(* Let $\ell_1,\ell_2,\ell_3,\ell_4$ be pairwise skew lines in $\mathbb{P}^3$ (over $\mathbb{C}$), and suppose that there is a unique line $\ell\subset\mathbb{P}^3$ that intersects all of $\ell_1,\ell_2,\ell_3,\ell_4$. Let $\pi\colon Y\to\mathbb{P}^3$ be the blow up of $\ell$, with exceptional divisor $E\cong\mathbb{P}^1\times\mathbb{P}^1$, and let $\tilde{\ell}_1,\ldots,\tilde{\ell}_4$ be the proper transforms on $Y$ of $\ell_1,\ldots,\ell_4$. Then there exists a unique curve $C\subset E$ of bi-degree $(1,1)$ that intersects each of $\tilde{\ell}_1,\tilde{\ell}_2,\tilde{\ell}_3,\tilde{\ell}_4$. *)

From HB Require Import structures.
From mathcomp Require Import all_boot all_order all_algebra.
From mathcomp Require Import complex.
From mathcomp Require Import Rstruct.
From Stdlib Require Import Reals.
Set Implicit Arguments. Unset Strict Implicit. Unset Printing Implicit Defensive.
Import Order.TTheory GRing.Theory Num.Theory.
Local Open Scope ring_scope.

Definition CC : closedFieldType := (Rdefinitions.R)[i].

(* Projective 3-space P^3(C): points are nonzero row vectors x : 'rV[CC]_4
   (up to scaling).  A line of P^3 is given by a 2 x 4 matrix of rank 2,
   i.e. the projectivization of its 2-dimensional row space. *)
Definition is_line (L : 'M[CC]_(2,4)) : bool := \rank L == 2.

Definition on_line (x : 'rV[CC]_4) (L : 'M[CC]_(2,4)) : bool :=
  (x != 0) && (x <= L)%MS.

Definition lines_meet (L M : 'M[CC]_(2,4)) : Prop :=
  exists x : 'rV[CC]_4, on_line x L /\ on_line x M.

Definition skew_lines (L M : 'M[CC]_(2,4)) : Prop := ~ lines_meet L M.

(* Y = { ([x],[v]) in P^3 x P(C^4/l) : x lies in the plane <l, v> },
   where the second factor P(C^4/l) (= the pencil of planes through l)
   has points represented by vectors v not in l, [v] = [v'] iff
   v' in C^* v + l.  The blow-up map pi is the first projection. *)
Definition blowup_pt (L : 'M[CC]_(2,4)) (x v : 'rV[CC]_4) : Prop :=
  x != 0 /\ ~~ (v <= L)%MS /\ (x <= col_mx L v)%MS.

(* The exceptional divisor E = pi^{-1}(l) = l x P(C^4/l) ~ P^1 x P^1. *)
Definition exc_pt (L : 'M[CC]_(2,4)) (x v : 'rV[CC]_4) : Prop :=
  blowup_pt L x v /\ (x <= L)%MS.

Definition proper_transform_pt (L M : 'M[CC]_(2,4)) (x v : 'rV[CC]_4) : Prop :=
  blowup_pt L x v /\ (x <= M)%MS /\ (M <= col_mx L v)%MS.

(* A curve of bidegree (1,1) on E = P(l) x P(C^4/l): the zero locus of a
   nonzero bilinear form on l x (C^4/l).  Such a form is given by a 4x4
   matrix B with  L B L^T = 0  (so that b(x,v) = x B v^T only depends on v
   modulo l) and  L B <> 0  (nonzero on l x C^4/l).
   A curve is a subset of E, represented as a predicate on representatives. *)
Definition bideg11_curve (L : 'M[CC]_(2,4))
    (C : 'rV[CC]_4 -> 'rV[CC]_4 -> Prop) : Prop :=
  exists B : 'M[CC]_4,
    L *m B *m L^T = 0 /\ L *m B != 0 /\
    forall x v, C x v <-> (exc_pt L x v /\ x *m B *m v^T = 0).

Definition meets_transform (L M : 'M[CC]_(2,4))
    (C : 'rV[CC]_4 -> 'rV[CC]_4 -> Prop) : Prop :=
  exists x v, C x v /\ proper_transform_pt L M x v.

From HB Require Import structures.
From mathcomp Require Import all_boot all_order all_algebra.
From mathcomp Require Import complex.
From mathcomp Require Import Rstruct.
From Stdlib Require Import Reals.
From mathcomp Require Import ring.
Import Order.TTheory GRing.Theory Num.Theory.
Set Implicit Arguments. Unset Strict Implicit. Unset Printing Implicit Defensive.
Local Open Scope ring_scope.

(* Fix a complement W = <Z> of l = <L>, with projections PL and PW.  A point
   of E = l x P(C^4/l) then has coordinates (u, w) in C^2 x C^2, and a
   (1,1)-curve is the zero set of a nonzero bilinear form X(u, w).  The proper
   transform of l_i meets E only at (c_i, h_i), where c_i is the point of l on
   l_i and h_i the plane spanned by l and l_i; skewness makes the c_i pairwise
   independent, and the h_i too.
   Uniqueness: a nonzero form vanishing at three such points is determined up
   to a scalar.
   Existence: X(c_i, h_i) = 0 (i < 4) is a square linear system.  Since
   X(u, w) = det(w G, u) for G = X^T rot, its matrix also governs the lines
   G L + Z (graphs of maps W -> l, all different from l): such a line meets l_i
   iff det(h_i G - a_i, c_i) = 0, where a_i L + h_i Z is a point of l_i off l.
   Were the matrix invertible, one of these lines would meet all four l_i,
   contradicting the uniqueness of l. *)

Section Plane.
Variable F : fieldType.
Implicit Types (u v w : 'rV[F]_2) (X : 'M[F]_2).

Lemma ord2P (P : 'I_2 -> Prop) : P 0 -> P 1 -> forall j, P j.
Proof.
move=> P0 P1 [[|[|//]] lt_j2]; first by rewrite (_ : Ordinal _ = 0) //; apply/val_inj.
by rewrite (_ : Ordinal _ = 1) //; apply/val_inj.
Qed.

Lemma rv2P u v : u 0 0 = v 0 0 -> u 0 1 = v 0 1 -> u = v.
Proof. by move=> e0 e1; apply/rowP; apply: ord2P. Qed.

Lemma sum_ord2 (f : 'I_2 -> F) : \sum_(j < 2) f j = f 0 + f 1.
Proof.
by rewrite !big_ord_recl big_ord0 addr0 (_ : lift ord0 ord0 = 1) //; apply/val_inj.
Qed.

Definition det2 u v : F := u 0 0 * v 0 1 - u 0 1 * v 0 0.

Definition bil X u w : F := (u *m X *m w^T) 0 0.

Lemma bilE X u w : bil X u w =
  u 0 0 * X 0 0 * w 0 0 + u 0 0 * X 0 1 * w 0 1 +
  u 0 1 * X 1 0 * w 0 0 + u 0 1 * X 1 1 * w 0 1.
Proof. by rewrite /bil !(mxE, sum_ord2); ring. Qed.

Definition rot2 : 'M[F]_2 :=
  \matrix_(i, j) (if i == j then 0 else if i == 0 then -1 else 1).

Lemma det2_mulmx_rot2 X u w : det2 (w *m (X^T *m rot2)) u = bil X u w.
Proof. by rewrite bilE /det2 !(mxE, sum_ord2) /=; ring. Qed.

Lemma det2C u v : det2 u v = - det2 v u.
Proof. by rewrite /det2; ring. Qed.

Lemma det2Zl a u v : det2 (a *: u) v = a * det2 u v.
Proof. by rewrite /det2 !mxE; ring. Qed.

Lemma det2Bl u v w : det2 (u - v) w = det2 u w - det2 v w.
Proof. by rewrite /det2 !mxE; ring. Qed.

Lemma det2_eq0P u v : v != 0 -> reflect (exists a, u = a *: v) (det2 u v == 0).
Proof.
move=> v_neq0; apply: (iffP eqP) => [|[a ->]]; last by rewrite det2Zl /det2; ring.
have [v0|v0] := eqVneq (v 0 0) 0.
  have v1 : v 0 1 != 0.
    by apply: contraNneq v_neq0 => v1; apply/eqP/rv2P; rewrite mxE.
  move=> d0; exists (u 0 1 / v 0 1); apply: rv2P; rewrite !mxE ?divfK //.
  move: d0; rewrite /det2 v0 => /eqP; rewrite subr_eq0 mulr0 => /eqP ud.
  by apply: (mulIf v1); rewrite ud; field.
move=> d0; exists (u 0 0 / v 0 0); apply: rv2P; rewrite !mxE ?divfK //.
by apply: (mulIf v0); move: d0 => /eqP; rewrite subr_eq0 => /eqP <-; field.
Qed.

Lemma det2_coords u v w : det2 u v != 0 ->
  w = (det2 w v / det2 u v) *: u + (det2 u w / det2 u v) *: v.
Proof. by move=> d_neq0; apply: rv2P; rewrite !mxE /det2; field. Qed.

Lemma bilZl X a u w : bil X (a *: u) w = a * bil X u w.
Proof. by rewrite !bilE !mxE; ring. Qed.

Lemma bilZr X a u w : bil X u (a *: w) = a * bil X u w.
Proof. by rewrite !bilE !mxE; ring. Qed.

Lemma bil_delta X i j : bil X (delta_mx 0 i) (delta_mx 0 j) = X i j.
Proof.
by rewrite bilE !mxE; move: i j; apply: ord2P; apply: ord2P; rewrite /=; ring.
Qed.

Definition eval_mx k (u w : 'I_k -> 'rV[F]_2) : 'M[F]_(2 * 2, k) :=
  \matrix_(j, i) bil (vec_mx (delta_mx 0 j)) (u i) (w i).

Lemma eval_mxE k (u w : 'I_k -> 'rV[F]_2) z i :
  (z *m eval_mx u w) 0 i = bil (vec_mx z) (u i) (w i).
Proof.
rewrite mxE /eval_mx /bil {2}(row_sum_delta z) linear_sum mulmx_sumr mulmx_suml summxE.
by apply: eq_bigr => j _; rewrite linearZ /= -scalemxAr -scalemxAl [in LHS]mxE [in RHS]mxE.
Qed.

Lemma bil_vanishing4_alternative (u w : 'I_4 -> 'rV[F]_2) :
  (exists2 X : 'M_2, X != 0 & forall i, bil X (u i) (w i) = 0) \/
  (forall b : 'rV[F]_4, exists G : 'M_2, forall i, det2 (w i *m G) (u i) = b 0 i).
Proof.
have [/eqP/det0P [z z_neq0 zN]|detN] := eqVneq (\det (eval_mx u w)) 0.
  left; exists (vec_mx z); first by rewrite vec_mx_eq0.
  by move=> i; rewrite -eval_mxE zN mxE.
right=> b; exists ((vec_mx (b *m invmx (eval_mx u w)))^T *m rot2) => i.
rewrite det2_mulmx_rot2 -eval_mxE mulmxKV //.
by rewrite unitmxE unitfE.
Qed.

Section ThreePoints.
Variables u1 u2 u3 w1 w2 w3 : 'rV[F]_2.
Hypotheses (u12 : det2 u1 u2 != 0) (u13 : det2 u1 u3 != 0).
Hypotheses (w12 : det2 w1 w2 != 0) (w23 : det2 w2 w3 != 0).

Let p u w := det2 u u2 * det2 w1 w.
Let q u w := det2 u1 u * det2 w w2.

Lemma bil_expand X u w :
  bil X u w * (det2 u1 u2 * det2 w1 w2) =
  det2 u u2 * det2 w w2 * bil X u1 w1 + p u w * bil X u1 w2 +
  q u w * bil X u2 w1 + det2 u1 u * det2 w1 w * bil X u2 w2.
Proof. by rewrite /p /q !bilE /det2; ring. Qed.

________

# What the task asks:
Tally the lines of the data that include the word "divisor". Reply with the number only.

# Solution to this task:
2